The fraction of traded volume is $\delta = \frac{Q_{n, t}}{\text{Liquidity}_{n, t}}$ can be interpreted as time -- e.g. how many days (or fraction of a day) to trade $Q_{n, t}$ given the asset liquidity $\text{Liquidity}_{n, t}$. Over that period, the asset volatility scaled in $\sigma_{n, t} \sqrt{\delta}$, so that a simple impact model is: 

$$ I(Q) = \sigma \sqrt{\frac{Q}{\text{Liquidity}}}.$$

More generally, two parameters $\langle \gamma, \beta \rangle$ are fitted with the functional form: 

$$ I(Q) = \gamma \sigma \left(\frac{Q}{\text{Liquidity}}\right)^{\beta}.$$

A rule of thumb is as follows: 

- for small horizons, $\beta \approx 0$, $I(Q)$ is constant (e.g. bid-ask spread) and the total cost is linear; 

- for long horizons, $\beta \approx 1$ and the total impact cost $Q \times I(Q)$ is quadratic.

In  analytically more complex (and potentially more realistic) setups, $\beta$ is taken to be $1/2$ as motivated above. 
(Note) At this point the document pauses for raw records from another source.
(* Let $N\ge 1$ be an integer, and let $1\le r\le N+1$ and $0\le i\le r$ be integers. Then \[ a^{(\lambda)}_{i,r-i}(N+1,x)=(-1)^{N+1+i-r}\, i!\, S_{1,i-1}(r-i)\, N!\, H_{N,r-1}\,(x)_{r-i}. \]
   Context: Let $x$ be a variable. $(x)_0=1$ and $(x)_n=x(x-1)\cdots(x-n+1)$ for $n\ge1$ (falling factorial). Generalized harmonic numbers: $H_{N,0}=1$ for all integers $N\ge 0$; $H_{N,1}=1+\frac12+\cdots+\frac1N$ for $N\ge1$; and for $2\le j\le N$, \[H_{N,j}=\frac{H_{N-1,j-1}}{N}+\frac{H_{N-2,j-1}}{N-1}+\cdots+\frac{H_{j-1,j-1}}{j}.\] Generalized Changhee power sums (for $k=1$), for integers $N\ge0$: $S_{1,-1}(N)=1$, $S_{1,0}(N)=N+1$, $S_{1,j}(N)=\sum_{l=0}^{N}S_{1,j-1}(l)$ for $j\ge1$. The coefficients $a^{(\lambda)}_{i,j}(N,x)$ (polynomials in $x$, indexed by integers $N\ge1$ and $i,j\ge0$ with $1\le i+j\le N$) are defined recursively by $a^{(\lambda)}_{1,0}(1,x)=-1$, $a^{(\lambda)}_{0,1}(1,x)=x$, and for $N\ge1$, $i,j\ge0$, $1\le i+j\le N+1$: \[ a^{(\lambda)}_{i,j}(N+1,x)=-N\,a^{(\lambda)}_{i,j}(N,x)-i\,a^{(\lambda)}_{i-1,j}(N,x)+(x-j+1)\,a^{(\lambda)}_{i,j-1}(N,x), \] with the convention that $a^{(\lambda)}_{i,j}(N,x)=0$ whenever $i<0$, $j<0$, $i+j=0$, or $i+j>N$. (These are exactly the coefficients arising from repeatedly differentiating $F(t;x,\lambda)=\frac{2\lambda}{2\lambda+\log(1+\lambda t)}\bigl(1+\lambda^{-1}\log(1+\lambda t)\bigr)^x$ in the form $F^{(N)}=\lambda^N(1+\lambda t)^{-N}\sum_{1\le i+j\le N}a^{(\lambda)}_{i,j}(N,x)(2\lambda+\log(1+\lambda t))^{-i}(\lambda+\log(1+\lambda t))^{-j}F$.) *)

From HB Require Import structures.
From mathcomp Require Import all_boot all_order all_algebra.
Set Implicit Arguments. Unset Strict Implicit. Unset Printing Implicit Defensive.
Import Order.TTheory GRing.Theory Num.Theory.
Local Open Scope ring_scope.

Definition falling (n : nat) : {poly rat} := \prod_(k < n) ('X - (k%:R)%:P).

(* Generalized harmonic numbers: harm j N = H_{N,j}
   (H_{N,0} = 1, H_{N,j} = sum_{m=j}^{N} H_{m-1,j-1}/m for j >= 1;
    for j = 1 this is 1 + 1/2 + ... + 1/N). *)
Fixpoint harm (j N : nat) : rat :=
  match j with
  | 0 => 1
  | j'.+1 => \sum_(j'.+1 <= m < N.+1) harm j' m.-1 / m%:R
  end.

(* Changhee power sums, shifted index: Sch k N = S_{1,k-1}(N)
   (S_{1,-1}(N) = 1, S_{1,j}(N) = sum_{l=0}^{N} S_{1,j-1}(l)). *)
Fixpoint Sch (k N : nat) : nat :=
  match k with
  | 0 => 1%N
  | k'.+1 => (\sum_(0 <= l < N.+1) Sch k' l)%N
  end.

(* a n i j = a^{(lambda)}_{i,j}(n, x) as a polynomial in x = 'X;
   zero outside 1 <= i + j <= n (and for n = 0). *)
Fixpoint acoef (n i j : nat) : {poly rat} :=
  match n with
  | 0 => 0
  | n'.+1 =>
    if (1 <= i + j <= n)%N then
      match n' with
      | 0 =>
        if (i == 1%N) && (j == 0%N) then -1
        else if (i == 0%N) && (j == 1%N) then 'X else 0
      | _ =>
        - (n'%:R) *: acoef n' i j
        - (i%:R) *: (if i is i'.+1 then acoef n' i' j else 0)
        + ('X - (j%:R)%:P + 1) * (if j is j'.+1 then acoef n' i j' else 0)
      end
    else 0
  end.

(* The closed form is read off a coefficient recurrence.  Writing
   a_{i,j}(N+1,x) = c_N(i,j) (x)_j, the factor (x - j + 1) in the defining
   recurrence turns (x)_{j-1} into (x)_j, so the polynomial recurrence becomes
   c_{N+1}(i,j) = -(N+1) c_N(i,j) - i c_N(i-1,j) + c_N(i,j-1).  The claimed
   c_N(i,j) = (-1)^{N+1+j} i! S_{1,i-1}(j) N! H_{N,i+j-1} satisfies it because
   (N+1)! H_{N+1,k+1} = (N+1) N! H_{N,k+1} + N! H_{N,k} and
   S_{1,i-1}(j) = S_{1,i-2}(j) + S_{1,i-1}(j-1). *)
From HB Require Import structures.
From mathcomp Require Import all_boot all_order all_algebra.
From mathcomp Require Import ring zify.
Import Order.TTheory GRing.Theory Num.Theory.
Local Open Scope ring_scope.

Lemma harm_gt (k N : nat) : (N < k)%N -> harm k N = 0.
Proof. by case: k => [//|k] ltNk /=; rewrite big_geq. Qed.

Lemma harmSS (k N : nat) : harm k.+1 N.+1 = harm k.+1 N + harm k N / N.+1%:R.
Proof.
rewrite /=; case: (leqP k.+1 N.+1) => [le_kN|lt_Nk]; first by rewrite big_nat_recr.
by rewrite !big_geq ?harm_gt ?mul0r ?addr0 // ltnW.
Qed.

Lemma Sch0n (j : nat) : Sch 0 j = 1%N.
Proof. by []. Qed.

Lemma Schn0 (i : nat) : Sch i 0 = 1%N.
Proof. by elim: i => [//|i IHi]; rewrite /= big_nat1. Qed.

Lemma SchSS (i j : nat) : Sch i.+1 j.+1 = (Sch i.+1 j + Sch i j.+1)%N.
Proof. by rewrite [Sch i.+1 j.+1]/= big_nat_recr. Qed.

Lemma fallingS (j : nat) : falling j.+1 = falling j * ('X - (j%:R)%:P).
Proof. by rewrite /falling big_ord_recr. Qed.

Lemma scale_fallingS (c : rat) (j : nat) :
  ('X - (j.+1%:R)%:P + 1) * (c *: falling j) = c *: falling j.+1.
Proof.
rewrite fallingS -scalerAr mulrC; congr (_ *: (_ * _)).
by rewrite -natr1 rmorphD rmorph1 /=; ring.
Qed.

Lemma signr_subn (m n : nat) : (n <= m)%N -> (-1) ^+ (m - n) = (-1) ^+ (m + n) :> rat.
Proof. by move=> le_nm; rewrite -signr_odd -[RHS]signr_odd oddB // oddD. Qed.

(* [acoef_closed N i j] is c_N(i,j); the value 0 at i + j = 0 makes the
   coefficient recurrence hold down to i + j = 1, where acoef N i j vanishes. *)
Definition acoef_closed (N i j : nat) : rat :=
  if (i + j)%N is k.+1 then
    (-1) ^+ (N.+1 + j) * (i`!)%:R * (Sch i j)%:R * (N`!)%:R * harm k N
  else 0.

Lemma acoef_closed_gt (N i j : nat) : (N.+1 < i + j)%N -> acoef_closed N i j = 0.
Proof.
rewrite /acoef_closed; case: (i + j)%N => [//|k] ltNk.
by rewrite harm_gt ?mulr0.
Qed.

Lemma acoef_closedS (N i j : nat) : (0 < i + j)%N ->
  acoef_closed N.+1 i j =
    - N.+1%:R * acoef_closed N i j
    - i%:R * (if i is i'.+1 then acoef_closed N i' j else 0)
    + (if j is j'.+1 then acoef_closed N i j' else 0).
Proof.
have NS_neq0 : 1 + N%:R != 0 :> rat by rewrite addrC natr1 pnatr_eq0.
case: i => [|[|i]]; case: j => [|[|j]] // _;
  rewrite /acoef_closed ?addn0 ?add0n ?addSn ?addnS; cbv beta iota;
  rewrite ?harmSS ?addn0 ?add0n ?SchSS ?Schn0 ?Sch0n ?exprS ?factS ?fact0 ?natrM ?natrD;
  by field; rewrite ?NS_neq0.
Qed.

Lemma acoef1 (i j : nat) : acoef 1 i j = acoef_closed 0 i j *: falling j.
Proof.
case: i => [|[|i]]; case: j => [|[|j]] //; try by rewrite acoef_closed_gt ?scale0r.
- by rewrite /acoef_closed scale0r.
- by rewrite /acoef_closed /falling big_ord_recr big_ord0 /= expr2 mulN1r opprK !mulr1
    mul1r subr0 scale1r.
- by rewrite /acoef_closed /falling big_ord0 /= big_nat1 !mulr1 scaleN1r.
Qed.

Lemma acoefSS (N i j : nat) : acoef N.+2 i j =
  if (1 <= i + j <= N.+2)%N then
    - N.+1%:R *: acoef N.+1 i j
    - i%:R *: (if i is i'.+1 then acoef N.+1 i' j else 0)
    + ('X - (j%:R)%:P + 1) * (if j is j'.+1 then acoef N.+1 i j' else 0)
  else 0.
Proof. by []. Qed.

Lemma acoefE (N i j : nat) : acoef N.+1 i j = acoef_closed N i j *: falling j.
Proof.
elim: N i j => [|N IHN] i j; first exact: acoef1.
rewrite acoefSS; case: ifP => [/andP[ij_gt0 ij_le]|ij_out]; last first.
  case: (posnP (i + j)) => [ij0|ij_gt0]; first by rewrite /acoef_closed ij0 scale0r.
  by rewrite acoef_closed_gt ?scale0r //; move: ij_out; rewrite ij_gt0 /=; lia.
rewrite (acoef_closedS N i j ij_gt0) !scalerDl IHN scalerA scaleNr.
congr (_ - _ + _).
  by case: i {ij_gt0 ij_le} => [|i]; rewrite ?mulr0 ?scale0r ?scaler0 // IHN scalerA.
by case: j {ij_gt0 ij_le} => [|j]; rewrite ?mulr0 ?scale0r // IHN scale_fallingS.
Qed.

Theorem theorem2 (N r i : nat) :
  (1 <= N)%N -> (1 <= r <= N.+1)%N -> (i <= r)%N ->
  acoef N.+1 i (r - i) =
  ((-1) ^+ (N.+1 + i - r) * (i`!)%:R * (Sch i (r - i))%:R * (N`!)%:R
     * harm (r - 1) N) *: falling (r - i).
Proof.
move=> _ /andP[r_gt0 le_rN] le_ir.
rewrite acoefE /acoef_closed subnKC //; case: r r_gt0 le_rN le_ir => [//|r] _ le_rN le_ir.
have -> : (N.+1 + i - r.+1 = N.+1 - (r.+1 - i))%N by lia.
by rewrite subn1 signr_subn //; lia.
Qed.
In what follows, we focus on quadratic impact cost with $\beta=1$.

## Mean-variance optimisation with quadratic costs

With quadratic cost, the mean-variance optimisation can be solved in closed form. More precisely, the mean-variance utility at time $t$ with transaction cost is  
$$h_t^T \alpha - \frac{h_t V h_t}{2 \lambda} - \frac{(h_t - h_{t-1})^T \Lambda (h_t - h_{t-1})}{2}$$

**Lemma**.  Given the mean-variance utility with quadratic cost, the optimal portfolio is 

$$h_t  = \left[\frac{V}{\lambda} + \Lambda \right]^{-1}(\alpha + \Lambda h_{t-1}).$$

*Proof*. The mean-variance objective is rewritten as 
$$ h_t^T (\alpha + \Lambda h_{t-1}) - \frac{h_t (V + \lambda \Lambda) h_t}{2 \lambda} - \frac{h_{t-1}^T \Lambda h_{t-1}}{2}$$

The optimal portfolio with transaction cost is a weighted average of two holdings: 
$$h_t  = (I  + \lambda V^{-1}\Lambda)^{-1}\lambda V^{-1}\alpha + [I -  (I  + \lambda V^{-1}\Lambda)^{-1}] h_{t-1}.$$

Interpretation: 

-  the friction-less mean-variance portfolio $\lambda V^{-1}\alpha$ is the target portfolio 

- the optimal portfolio $h_t$ is a weighted-average of this target portfolio and the past holdings $h_{t-1}$: 

- ideally the investor would like to hold the target portfolio but because of transaction cost, it only trades partially towards this target. 

-  when the transaction costs are lower and the risk-tolerance $\lambda$ is higher, the investor loads more on the mean-variance target $\lambda V^{-1}\alpha$

- the transaction imply so form of (non-linear) exponential averaging. 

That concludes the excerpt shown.